Because of the complexity of the new GILTI tax rules, and the expected change in status, the Company will continue to evaluate the impact of this provision and the application of ASC 740, Income Taxes.  Under GAAP, the Company is allowed to make an accounting policy election of either (i) treating taxes due on future U.S. inclusions in taxable income related to GILTI as a current-period expense when incurred (the "period cost method"), or (ii) factoring such amounts into a Company's measurement of its deferred taxes (the "deferred method").  The Company has elected the period cost method.

As of March 31, 2019, the Company’s deferred tax assets included a valuation allowance of $ 6.7 million primarily related to foreign net operating loss carryforwards that the Company determined were not more likely than not to be realized. The factors used to assess the likelihood of realization were the past performance of the related entities, our forecast of future taxable income, and available tax planning strategies that could be implemented to realize the deferred tax assets. The ability or failure to achieve the forecasted taxable income in these entities could affect the ultimate realization of deferred tax assets.

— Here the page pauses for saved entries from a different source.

(* Let $(X,d)$ be a compact metric space and let $f\colon X\to X$ be a continuous map with the limit shadowing property. Then $CR(f)=\Omega(f)=\overline{M(f)}$, and the restriction $f|_{\Omega(f)}\colon\Omega(f)\to\Omega(f)$ has the shadowing property.
   Context: A sequence $(x_i)_{i\ge0}$ in $X$ is a $\delta$-pseudo orbit of $f$ if $d(f(x_i),x_{i+1})\le\delta$ for all $i\ge0$; it is $\epsilon$-shadowed by $x\in X$ if $d(x_i,f^i(x))\le\epsilon$ for all $i\ge0$. $f$ has the shadowing property if for every $\epsilon>0$ there is $\delta>0$ such that every $\delta$-pseudo orbit of $f$ is $\epsilon$-shadowed by some point of $X$. A sequence $(x_i)_{i\ge0}$ is a limit pseudo orbit of $f$ if $\lim_{i\to\infty}d(f(x_i),x_{i+1})=0$; $f$ has the limit shadowing property if for every limit pseudo orbit $(x_i)_{i\ge0}$ there is $y\in X$ with $\lim_{i\to\infty}d(x_i,f^i(y))=0$. A finite sequence $(x_i)_{i=0}^k$ ($k\ge1$) is a $\delta$-chain if $d(f(x_i),x_{i+1})\le\delta$ for $0\le i\le k-1$, and a $\delta$-cycle if moreover $x_0=x_k$. $x$ is chain recurrent if for every $\delta>0$ there is a $\delta$-cycle with $x_0=x_k=x$; $CR(f)$ is the set of chain recurrent points. $x$ is minimal if $f$ restricted to the orbit closure $\overline{\{f^n(x):n\ge0\}}$ is minimal; $M(f)$ is the set of minimal points. $x$ is non-wandering if for every neighborhood $U$ of $x$ there is $n>0$ with $f^n(U)\cap U\ne\emptyset$; $\Omega(f)$ is the set of non-wandering points. *)

From Stdlib Require Import Reals List.
Open Scope R_scope.

Section Dyn.
Context {X : Type} (d : X -> X -> R).

Definition is_metric : Prop :=
  (forall x y, 0 <= d x y) /\ (forall x y, d x y = 0 <-> x = y) /\
  (forall x y, d x y = d y x) /\ (forall x y z, d x z <= d x y + d y z).

Definition is_open (U : X -> Prop) : Prop :=
  forall x, U x -> exists r, 0 < r /\ forall y, d x y < r -> U y.

Definition is_closed (A : X -> Prop) : Prop := is_open (fun x => ~ A x).

Definition compact_space : Prop :=
  forall (I : Type) (U : I -> X -> Prop),
    (forall i, is_open (U i)) -> (forall x, exists i, U i x) ->
    exists l : list I, forall x, exists i, In i l /\ U i x.

Definition closure (A : X -> Prop) (x : X) : Prop :=
  forall eps, 0 < eps -> exists y, A y /\ d x y < eps.

Definition continuous_map (f : X -> X) : Prop :=
  forall x eps, 0 < eps -> exists delta, 0 < delta /\
    forall y, d x y < delta -> d (f x) (f y) < eps.

Variable f : X -> X.

Definition pseudo_orbit (delta : R) (xs : nat -> X) : Prop :=
  forall i, d (f (xs i)) (xs (S i)) <= delta.

Definition shadows (eps : R) (xs : nat -> X) (x : X) : Prop :=
  forall i, d (xs i) (Nat.iter i f x) <= eps.

(* shadowing property of the restriction of f to a subset S
   (subspace with induced metric; pseudo orbits in S, shadowing points in S) *)
Definition shadowing_on (S : X -> Prop) : Prop :=
  forall eps, 0 < eps -> exists delta, 0 < delta /\
    forall xs, (forall i, S (xs i)) -> pseudo_orbit delta xs ->
      exists x, S x /\ shadows eps xs x.

Definition limit_pseudo_orbit (xs : nat -> X) : Prop :=
  Un_cv (fun i => d (f (xs i)) (xs (S i))) 0.

Definition limit_shadowing : Prop :=
  forall xs, limit_pseudo_orbit xs ->
    exists y, Un_cv (fun i => d (xs i) (Nat.iter i f y)) 0.

Definition chain_recurrent (x : X) : Prop :=
  forall delta, 0 < delta ->
    exists (k : nat) (xs : nat -> X), (1 <= k)%nat /\ xs 0%nat = x /\ xs k = x /\
      forall i, (i < k)%nat -> d (f (xs i)) (xs (S i)) <= delta.

Definition orbit_closure (x : X) : X -> Prop :=
  closure (fun y => exists n, y = Nat.iter n f x).

Definition minimal_on (K : X -> Prop) : Prop :=
  forall A : X -> Prop, (exists y, A y) -> is_closed A ->
    (forall y, A y -> K y) -> (forall y, A y -> A (f y)) ->
    forall y, K y -> A y.

Definition minimal_point (x : X) : Prop := minimal_on (orbit_closure x).

Definition nonwandering (x : X) : Prop :=
  forall U : X -> Prop, is_open U -> U x ->
    exists (n : nat) (y : X), (0 < n)%nat /\ U y /\ U (Nat.iter n f y).

End Dyn.

(* Limit shadowing implies that periodic pseudo orbits running around delta-cycles
   are eps-shadowed, with delta depending only on eps.  A cycle through a
   non-wandering point x is then shadowed by some z that returns near x at every
   multiple of the period, and a minimal subset of the orbit closure of z contains a
   point near x.  A pseudo orbit in the non-wandering set closes up into a cycle via
   chains running back inside that set; a cluster point, along multiples of the
   period, of a shadow of this cycle is a non-wandering point shadowing an initial
   segment, and compactness passes to the whole pseudo orbit. *)

From Stdlib Require Import Reals Lra Lia List.
From Stdlib Require Import Classical ClassicalEpsilon IndefiniteDescription.
Open Scope R_scope.

Lemma inv_succ_pos (m : nat) : 0 < / (INR m + 1).
Proof. apply Rinv_0_lt_compat. pose proof (pos_INR m). lra. Qed.

Lemma inv_succ_le (m n : nat) : (m <= n)%nat -> / (INR n + 1) <= / (INR m + 1).
Proof. intros H. apply le_INR in H. pose proof (pos_INR m). apply Rinv_le_contravar; lra. Qed.

Lemma inv_succ_eventually_lt (eps : R) :
  0 < eps -> exists N, forall m, (N <= m)%nat -> / (INR m + 1) < eps.
Proof.
  intros Heps. destruct (INR_unbounded (/ eps)) as [N HN]. exists N. intros m Hm.
  apply Rle_lt_trans with (/ (INR N + 1)); [now apply inv_succ_le|].
  rewrite <- (Rinv_inv eps). apply Rinv_lt_contravar.
  - apply Rmult_lt_0_compat; [now apply Rinv_0_lt_compat|]. pose proof (pos_INR N). lra.
  - lra.
Qed.

Lemma finite_uniform_lower_bound (D : nat -> nat -> R) p :
  (forall r, (r < p)%nat -> exists e, 0 < e /\ forall j, e <= D r j) ->
  exists e, 0 < e /\ forall r, (r < p)%nat -> forall j, e <= D r j.
Proof.
  induction p as [|p IH]; intros H.
  - exists 1. split; [lra|]. intros r Hr. lia.
  - destruct IH as [e1 [He1 H1]]; [intros r Hr; apply H; lia|].
    destruct (H p ltac:(lia)) as [e2 [He2 H2]].
    exists (Rmin e1 e2). split; [now apply Rmin_glb_lt|].
    intros r Hr j. destruct (Nat.eq_dec r p) as [->|Hne].
    + eapply Rle_trans; [apply Rmin_r|apply H2].
    + eapply Rle_trans; [apply Rmin_l|]. apply H1. lia.
Qed.

Section Metric.
Context {X : Type} (d : X -> X -> R) (Hmet : is_metric d).

Lemma dist_nonneg x y : 0 <= d x y. Proof. apply Hmet. Qed.
Lemma dist_refl x : d x x = 0. Proof. now apply Hmet. Qed.
Lemma dist_sym x y : d x y = d y x. Proof. apply Hmet. Qed.
Lemma dist_triangle x y z : d x z <= d x y + d y z. Proof. apply Hmet. Qed.

Lemma ball_open c r : is_open d (fun y => d c y < r).
Proof.
  intros x Hx. exists (r - d c x). split; [lra|]. intros y Hy.
  pose proof (dist_triangle c x y). lra.
Qed.

Lemma closure_is_closed (A : X -> Prop) : is_closed d (closure d A).
Proof.
  intros x Hx. apply not_all_ex_not in Hx as [eps Hx].
  apply imply_to_and in Hx as [Heps Hx].
  exists (eps / 2). split; [lra|]. intros y Hxy Hy.
  destruct (Hy (eps / 2)) as [z [Hz Hyz]]; [lra|].
  apply Hx. exists z. split; [exact Hz|]. pose proof (dist_triangle x y z). lra.
Qed.

Lemma closure_incl_closed (A B : X -> Prop) x :
  is_closed d B -> (forall y, A y -> B y) -> closure d A x -> B x.
Proof.
  intros HB HAB Hx. apply NNPP. intro Hnx. destruct (HB x Hnx) as [r [Hr Hball]].
  destruct (Hx r Hr) as [y [Hy Hxy]]. exact (Hball y Hxy (HAB y Hy)).
Qed.

Lemma closure_mono (A B : X -> Prop) x :
  (forall y, A y -> B y) -> closure d A x -> closure d B x.
Proof.
  intros HAB Hx eps Heps. destruct (Hx eps Heps) as [y [Hy Hxy]].
  exists y. split; [apply HAB, Hy|exact Hxy].
Qed.

Lemma closed_dist_le_comp (g : X -> X) a eps :
  continuous_map d g -> is_closed d (fun y => d a (g y) <= eps).
Proof.
  intros Hg y Hy. apply Rnot_le_lt in Hy.
  destruct (Hg y (d a (g y) - eps)) as [r [Hr Hball]]; [lra|].
  exists r. split; [exact Hr|]. intros z Hyz Hz. specialize (Hball z Hyz).
  pose proof (dist_triangle a (g z) (g y)). rewrite (dist_sym (g z)) in H. lra.
Qed.

Lemma closed_intersection (K : nat -> X -> Prop) :
  (forall m, is_closed d (K m)) -> is_closed d (fun y => forall m, K m y).
Proof.
  intros HK x Hx. apply not_all_ex_not in Hx as [m Hm].
  destruct (HK m x Hm) as [r [Hr Hball]].
  exists r. split; [exact Hr|]. intros y Hxy Hy. exact (Hball y Hxy (Hy m)).
Qed.

Definition cluster_point (s : nat -> X) (w : X) : Prop :=
  forall eps, 0 < eps -> forall N, exists n, (N <= n)%nat /\ d (s n) w < eps.

Lemma cluster_point_closed (A : X -> Prop) s w N :
  is_closed d A -> cluster_point s w -> (forall n, (N <= n)%nat -> A (s n)) -> A w.
Proof.
  intros HA Hw Hs. apply NNPP. intro Hnw. destruct (HA w Hnw) as [r [Hr Hball]].
  destruct (Hw r Hr N) as [n [Hn Hd]]. rewrite dist_sym in Hd.
  exact (Hball _ Hd (Hs n Hn)).
Qed.

Lemma cluster_point_subseq s w : cluster_point s w ->
  exists phi : nat -> nat, forall k, (k <= phi k)%nat /\ d (s (phi k)) w < / (INR k + 1).
Proof.
  intros Hw. apply (functional_choice (fun k n => (k <= n)%nat /\ d (s n) w < / (INR k + 1))).
  intro k. exact (Hw _ (inv_succ_pos k) k).
Qed.

Section Compact.
Hypothesis Hcpt : compact_space d.

(* A point that is not a cluster point has a ball eventually avoided by [s];
   finitely many such balls cover [X], so [s] would eventually avoid all of [X]. *)
Lemma compact_cluster_point (s : nat -> X) : exists w, cluster_point s w.
Proof.
  apply NNPP. intro Hno.
  assert (Hfar : forall w, exists rN : R * nat, 0 < fst rN /\
            forall n, (snd rN <= n)%nat -> fst rN <= d (s n) w).
  { intro w. apply NNPP. intro Hw. apply Hno. exists w. intros eps Heps N.
    apply NNPP. intro Hn. apply Hw. exists (eps, N). split; [exact Heps|].
    intros n HNn. apply Rnot_lt_le. intro Hlt. apply Hn. now exists n. }
  apply functional_choice in Hfar as [g Hg].
  destruct (Hcpt X (fun w y => d w y < fst (g w))) as [l Hl].
  - intro w. apply ball_open.
  - intro x. exists x. rewrite dist_refl. apply Hg.
  - set (M := fold_right (fun w acc => Nat.max (snd (g w)) acc) 0%nat l).
    assert (HM : forall w, In w l -> (snd (g w) <= M)%nat).
    { unfold M. clear. induction l as [|a l IH]; simpl; intros w Hw; [contradiction|].
      destruct Hw as [<-|Hw]; [lia|]. specialize (IH w Hw). lia. }
    destruct (Hl (s M)) as [w [Hin Hw]].
    pose proof (proj2 (Hg w) M (HM w Hin)). rewrite dist_sym in Hw. lra.
Qed.

Lemma nested_closed_nonempty (K : nat -> X -> Prop) :
  (forall m, is_closed d (K m)) -> (forall m, exists y, K m y) ->
  (forall m y, K (S m) y -> K m y) -> exists y, forall m, K m y.
Proof.
  intros Hcl Hne Hdec. apply functional_choice in Hne as [a Ha].
  destruct (compact_cluster_point a) as [w Hw]. exists w. intro m.
  apply (cluster_point_closed (K m) a w m (Hcl m) Hw). intros n Hn.
  assert (Hmono : forall k y, K (k + m)%nat y -> K m y).
  { induction k; intros y Hy; [exact Hy|]. apply IHk, Hdec, Hy. }
  apply Hmono with (n - m)%nat. replace (n - m + m)%nat with n by lia. apply Ha.
Qed.

Lemma uniform_continuity (g : X -> X) : continuous_map d g ->
  forall eps, 0 < eps -> exists rho, 0 < rho /\
    forall a b, d a b < rho -> d (g a) (g b) < eps.
Proof.
  intros Hg eps Heps. apply NNPP. intro Hno.
  assert (Hbad : forall n : nat, exists ab : X * X, d (fst ab) (snd ab) < / (INR n + 1) /\
             eps <= d (g (fst ab)) (g (snd ab))).
  { intro n. apply NNPP. intro Hn. apply Hno. exists (/ (INR n + 1)).
    split; [apply inv_succ_pos|]. intros a b Hab. apply Rnot_le_lt. intro Hle.
    apply Hn. now exists (a, b). }
  apply functional_choice in Hbad as [ab Hab].
  destruct (compact_cluster_point (fun n => fst (ab n))) as [w Hw].
  destruct (Hg w (eps / 2)) as [r [Hr Hwr]]; [lra|].
  destruct (inv_succ_eventually_lt (r / 2)) as [N HN]; [lra|].
  destruct (Hw (r / 2) ltac:(lra) N) as [n [Hn Hd]].
  destruct (Hab n) as [Hclose Hfar]. specialize (HN n Hn).
  rewrite dist_sym in Hd.
  assert (H1 : d (g w) (g (fst (ab n))) < eps / 2) by (apply Hwr; lra).
  assert (H2 : d (g w) (g (snd (ab n))) < eps / 2).
  { apply Hwr. pose proof (dist_triangle w (fst (ab n)) (snd (ab n))). lra. }
  pose proof (dist_triangle (g (fst (ab n))) (g w) (g (snd (ab n)))).
  rewrite (dist_sym _ (g w)) in H. lra.
Qed.

End Compact.
End Metric.

(** * Concatenating finite blocks *)

Section Concat.
Context {X : Type} (L : nat -> nat) (b : nat -> nat -> X).

Fixpoint block_start (k : nat) : nat :=
  match k with O => O | S k => (block_start k + L k)%nat end.

(* [block_pos i = (k, o)] when index [i] is offset [o] of block [k]. *)
Fixpoint block_pos (i : nat) : nat * nat :=
  match i with
  | O => (O, O)
  | S i => let '(k, o) := block_pos i in
           if Nat.ltb (S o) (L k) then (k, S o) else (S k, O)
  end.

Definition concat_blocks (i : nat) : X := b (fst (block_pos i)) (snd (block_pos i)).

Hypothesis HL : forall k, (1 <= L k)%nat.

Lemma block_pos_succ i : block_pos (S i) =
  let '(k, o) := block_pos i in if Nat.ltb (S o) (L k) then (k, S o) else (S k, O).
Proof. reflexivity. Qed.

Lemma block_pos_spec i :
  (snd (block_pos i) < L (fst (block_pos i)))%nat /\
  i = (block_start (fst (block_pos i)) + snd (block_pos i))%nat.
Proof.
  induction i as [|i [IH1 IH2]]; simpl.
  - specialize (HL 0). lia.
  - destruct (block_pos i) as [k o]. simpl in *.
    destruct (Nat.ltb (S o) (L k)) eqn:E.
    + apply Nat.ltb_lt in E. simpl. lia.
    + apply Nat.ltb_ge in E. simpl. specialize (HL (S k)). lia.
Qed.

Lemma block_pos_start k o : (o < L k)%nat -> block_pos (block_start k + o) = (k, o).
Proof.
  revert o. induction k as [|k IHk]; intros o Ho.
  - induction o as [|o IHo]; [reflexivity|].
    simpl in *. rewrite IHo by lia.
    destruct (Nat.ltb (S o) (L 0)) eqn:E; [reflexivity|]. apply Nat.ltb_ge in E. lia.
  - induction o as [|o IHo].
    + replace (block_start (S k) + 0)%nat with (S (block_start k + (L k - 1)))
        by (simpl; specialize (HL k); lia).
      simpl. rewrite IHk by (specialize (HL k); lia).
      destruct (Nat.ltb (S (L k - 1)) (L k)) eqn:E; [|reflexivity].
      apply Nat.ltb_lt in E. specialize (HL k). lia.
    + replace (block_start (S k) + S o)%nat with (S (block_start (S k) + o)) by lia.
      rewrite block_pos_succ, IHo by lia.
      destruct (Nat.ltb (S o) (L (S k))) eqn:E; [reflexivity|]. apply Nat.ltb_ge in E. lia.
Qed.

As of December 31, 2018 and March 31, 2019, the liability for income taxes associated with uncertain tax positions was $9.9 million and $10.7 million, respectively. In the normal course of business, the Company is subject to tax audit by several jurisdictions and believes the outcomes which are reasonably possible within the next twelve months, including lapses in statutes of limitations, could result in adjustments, but will not result in a material change in the liability for uncertain tax positions.

14.

Commitments and Contingencies

We are subject to certain lawsuits, claims and assessments that arise in the ordinary course of business. Additionally, the Company has been named as a defendant in lawsuits alleging personal injuries as a result of contact with asbestos products at various project sites. We believe that any significant costs relating to these claims will be reimbursed by applicable insurance and, although there can be no assurance that these matters will be resolved favorably, management believes that the ultimate resolution of any of these claims will not have a material adverse effect on our consolidated financial position, results of operations, or cash flows. We record a liability when we believe that it is both probable that a loss has been incurred and the amount of loss or range of loss can be reasonably estimated.  When using a range of loss estimate, the Company records the liability using the low end of the range. The Company records a corresponding receivable for costs covered under its insurance policies.  Management judgment is required to determine the outcome and the estimated amount of a loss related to such matters. Management believes that there are no claims or assessments outstanding which would materially affect our consolidated results of operations or our financial position.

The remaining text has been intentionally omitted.